Duo looked him up and down once, giving him a pointed look. "Bullshit, Heero."
"No, really," Heero rasped out again, trying to raise his hand to stop him as Duo stood up.
"Is it your wound? C’mon, let me see it."
"It’s all right, Duo," he pleaded, finding the sound of his name in his mouth somehow comforting while his bones burned in pain. "I’m fine."
"And again, I politely say, ‘Bullshit,’ " he growled back, planting his feet. He ignored the subtle flashes of color in Heero’s eyes as he looked up at him, tenderly squinting in the bright light. "Let me see it."
"No," he croaked out. "You don’t have to, I’ll be all right in a second. Really."
Duo’s eyes flashed in return. "You’ll have to forgive me for this, but fuck you and all this martyr stuff you try on me. I’m not going to put up with it. You never seem to want anybody’s help when you need it most, and I’m sick of hearing it. You’re not fine."
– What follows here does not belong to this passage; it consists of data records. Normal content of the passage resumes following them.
(* Let $f:\mathbb{R}^{2}\to\mathbb{R}$ be smooth and normal, and for $k_{1}\neq0$, $k_{2}\neq0$, $x,y\in\mathbb{R}$ let $F(k_{1},y)=\lim_{r\to\infty}\int_{-r}^{r}f(x,y)e^{-ik_{1}x}\,dx$ and $G(x,k_{2})=\lim_{r\to\infty}\int_{-r}^{r}f(x,y)e^{-ik_{2}y}\,dy$. Then for $k_{1}\neq0$, $k_{2}\neq0$ the integrals $F(k_{1},k_{2})=\int_{-\infty}^{\infty}F(k_{1},y)e^{-ik_{2}y}\,dy$ and $G(k_{1},k_{2})=\int_{-\infty}^{\infty}G(x,k_{2})e^{-ik_{1}x}\,dx$ are well defined, and $F(k_{1},k_{2})=G(k_{1},k_{2})=\lim_{m\to\infty,n\to\infty}\int_{-m}^{m}\int_{-n}^{n}f(x,y)e^{-ik_{1}x}e^{-ik_{2}y}\,dx\,dy.$
   Context: One-variable notions: a smooth $g:\mathbb{R}\setminus V\to\mathbb{R}$, $V\subset\mathbb{R}$ bounded closed, is analytic at infinity if there exist $\epsilon_{1},\epsilon_{2}>0$ such that $g(1/t)=\sum_{n\geq1}a_{n}t^{n}$ for $0<t<\epsilon_{1}$ and $g(1/t)=\sum_{n\geq1}b_{n}t^{n}$ for $-\epsilon_{2}<t<0$, with real coefficients and both power series absolutely convergent on the respective intervals. Two-variable notions: for smooth $f:\mathbb{R}^{2}\to\mathbb{R}$, $f$ is of very moderate decrease if there is $C>0$ with $|f(x,y)|\leq\frac{C}{|(x,y)|}$ for $|(x,y)|>1$, and of moderate decrease if $|f(x,y)|\leq\frac{C}{|(x,y)|^{2}}$ for $|(x,y)|>1$. For fixed $x$ write $f_{x}(y)=f(x,y)$ and for fixed $y$ write $f_{y}(x)=f(x,y)$. $f$ is normal if: (i) for every $x$, $f_{x}$ is analytic at infinity; (ii) for every $y$, $f_{y}$ is analytic at infinity; (iii) $f$ is of very moderate decrease; (iv) $\frac{\partial f}{\partial x}$ and $\frac{\partial f}{\partial y}$ are of moderate decrease; (v) there is a uniform bound on the number of zeros of $f_{x},(f_{x})',(f_{x})''$ and of $f_{y},(f_{y})',(f_{y})''$. *)

From Stdlib Require Import Reals List.
From Coquelicot Require Import Coquelicot.
Import ListNotations.
Open Scope R_scope.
That was when his hands were abruptly gripped around the towel, and Heero felt another horrible sensation running through him—a horrible, horrible anxiety.
Duo was suddenly the last person who could undress him without invoking certain responses, and Heero was burnt up with self-consciousness. He’d confided some of his most painful things to this man not a minute ago, whom he’d met in a morgue hours ago, and he was just not the least prepared for making himself anymore vulnerable. He clamped his hands over Duo’s tightly, feeling flushed, and even more embarrassed that the blood rushing to his face was probably Duo’s.
"Let me see," he growled at him, as Heero shot up off the seat, trying to free himself, clutching the towel around him protectively.
"No, Duo—"
"Just let me see it! If you’d just quit squirming, it’d be over in a second, ‘Ro!"
Another voice butted in just as abruptly. "Hey, Duo, rent is tomorrow, so we’re fucked—Oh."
Both turned their heads very quickly to see Duo’s roommate standing, mildly surprised, in the doorway, the single eye visible beneath his uni-bang rimmed with thick black eyeliner and his Misfits T-shirt looking rather scuffed up and threadbare. He seemed rather calm, despite watching his roommate crawling over a naked stranger in their bathroom, clawing at the towel between them.
All parties froze for a moment, and eventually Trowa said nonchalantly, "Not my turn? I see," shrugged, and turned and shut the door.